» **GIVEN DATA**
(* In the setting described in the context, for any sequence of constant pairs $(\eta_{n,1},\eta_{n,2})_{n=0}^{n_0}\in\mathbb{C}^{2(n_0+1)}$ the following are equivalent: (1) there exists a solution $\varphi$ on $\mathbb{R}$ of $(P-\lambda)\varphi=0$ with $\varphi=\eta_{n,1}g_n+\eta_{n,2}\bar g_n$ for every $n=0,1,\dots,n_0$; (2) the state $\Psi$ given by $\Psi(n)=(\eta_{n,1},\eta_{n-1,2})^T$ for $1\le n\le n_0$, $\Psi(-\infty)=\eta_{0,1}$, $\Psi(+\infty)=\eta_{n_0,2}$ satisfies $\mathcal{U}\Psi=\Psi$.
   Context: Let $h>0$, $P(h)=-h^2\frac{d^2}{dx^2}+V(x)$ on $\mathbb{R}$ with $V$ continuous and real-valued, and fix $\lambda>0$. Let $n_0\ge2$ and let $g_0,\dots,g_{n_0}$ be solutions of $(P-\lambda)g=0$ on $\mathbb{R}$ such that each pair $(g_n,\bar g_n)$ is a basis of the solution space, the Wronskian $\mathcal{W}(g_n,\bar g_n)$ is independent of $n$, and $(g_{n-1},\bar g_n)$ is linearly independent for each $1\le n\le n_0$. Define $T_n$ ($1\le n\le n_0$) by $(g_{n-1},\bar g_{n-1})T_n=(g_n,\bar g_n)$; then $T_n\in\mathcal{T}:=\{T=(t_{jk})\in SL(2,\mathbb{C}): t_{11}=\overline{t_{22}},\ t_{12}=\overline{t_{21}}\}$. Define $\mathcal{M}:\mathcal{T}\to\mathcal{S}:=\{M\in U(2): m_{11}=m_{22}\ne0\}$ by $\mathcal{M}\begin{pmatrix}p&\bar q\\ q&\bar p\end{pmatrix}=\frac1{\bar p}\begin{pmatrix}1&\bar q\\-q&1\end{pmatrix}$ and $U_n:=\mathcal{M}(T_n)$. Set $P_n:=\begin{pmatrix}1&0\\0&0\end{pmatrix}U_n$, $Q_n:=\begin{pmatrix}0&0\\0&1\end{pmatrix}U_n$. A state $\Psi$ consists of $\Psi(n)=(\Psi_1(n),\Psi_2(n))^T\in\mathbb{C}^2$ for $1\le n\le n_0$ and scalars $\Psi(\pm\infty)\in\mathbb{C}$. The evolution $\mathcal{U}$ is: $(\mathcal{U}\Psi)(n)=P_{n+1}\Psi(n+1)+Q_{n-1}\Psi(n-1)$ for $2\le n\le n_0-1$; $(\mathcal{U}\Psi)(-\infty)=(1,0)U_1\Psi(1)$; $(\mathcal{U}\Psi)(+\infty)=(0,1)U_{n_0}\Psi(n_0)$; $(\mathcal{U}\Psi)(1)=P_2\Psi(2)+(0,\Psi_2(1))^T$; $(\mathcal{U}\Psi)(n_0)=(\Psi_1(n_0),0)^T+Q_{n_0-1}\Psi(n_0-1)$. *)

From Stdlib Require Import Reals Arith.
From Coquelicot Require Import Coquelicot.
Open Scope R_scope.

Notation CC := Complex.C.

Definition conjf (f : R -> CC) : R -> CC := fun x => Cconj (f x).

(* f solves (P - lam) f = 0 on R, with P = -h^2 d^2/dx^2 + V *)
Definition is_sol (h : R) (V : R -> R) (lam : R) (f : R -> CC) : Prop :=
  exists f' f'' : R -> CC,
    forall x, is_derive f x (f' x) /\ is_derive f' x (f'' x) /\
      (- RtoC (h ^ 2) * f'' x + RtoC (V x) * f x = RtoC lam * f x)%C.

Definition lin_indep (f1 f2 : R -> CC) : Prop :=
  forall a b : CC, (forall x, (a * f1 x + b * f2 x)%C = (RtoC 0)) -> a = (RtoC 0) /\ b = (RtoC 0).

Definition is_basis h V lam (f1 f2 : R -> CC) : Prop :=
  is_sol h V lam f1 /\ is_sol h V lam f2 /\ lin_indep f1 f2 /\
  forall phi, is_sol h V lam phi ->
    exists a b : CC, forall x, phi x = (a * f1 x + b * f2 x)%C.

Definition wronskian_is (f g w : R -> CC) : Prop :=
  forall x, exists fx gx : CC,
    is_derive f x fx /\ is_derive g x gx /\ w x = (f x * gx - fx * g x)%C.

Record mat2 := Mat2 { m11 : CC; m12 : CC; m21 : CC; m22 : CC }.

Definition mulv (M : mat2) (v : CC * CC) : CC * CC :=
  ((m11 M * fst v + m12 M * snd v)%C, (m21 M * fst v + m22 M * snd v)%C).

Definition addv (v w : CC * CC) : CC * CC := ((fst v + fst w)%C, (snd v + snd w)%C).

Definition transfer_rel (gprev gnext : R -> CC) (T : mat2) : Prop :=
  forall x,
    gnext x = (gprev x * m11 T + Cconj (gprev x) * m21 T)%C /\
    Cconj (gnext x) = (gprev x * m12 T + Cconj (gprev x) * m22 T)%C.

(* M [[p, conj q],[q, conj p]] = (1 / conj p) [[1, conj q],[-q, 1]],
   written with the entries of T: conj p = t22, conj q = t12, q = t21. *)
Definition scatM (T : mat2) : mat2 :=
  Mat2 (/ m22 T)%C (/ m22 T * m12 T)%C (/ m22 T * - m21 T)%C (/ m22 T)%C.

Definition Pproj (M : mat2) (v : CC * CC) : CC * CC := (fst (mulv M v), (RtoC 0)).
Definition Qproj (M : mat2) (v : CC * CC) : CC * CC := ((RtoC 0), snd (mulv M v)).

» **THE PROBLEM**
In the entries above, the lines between the one holding "(* f solves" and the one holding "(- RtoC (h ^", inclusive, are to be printed exactly as written, and those alone.

» **REPLY TO THE EXERCISE**
(* f solves (P - lam) f = 0 on R, with P = -h^2 d^2/dx^2 + V *)
Definition is_sol (h : R) (V : R -> R) (lam : R) (f : R -> CC) : Prop :=
  exists f' f'' : R -> CC,
    forall x, is_derive f x (f' x) /\ is_derive f' x (f'' x) /\
      (- RtoC (h ^ 2) * f'' x + RtoC (V x) * f x = RtoC lam * f x)%C.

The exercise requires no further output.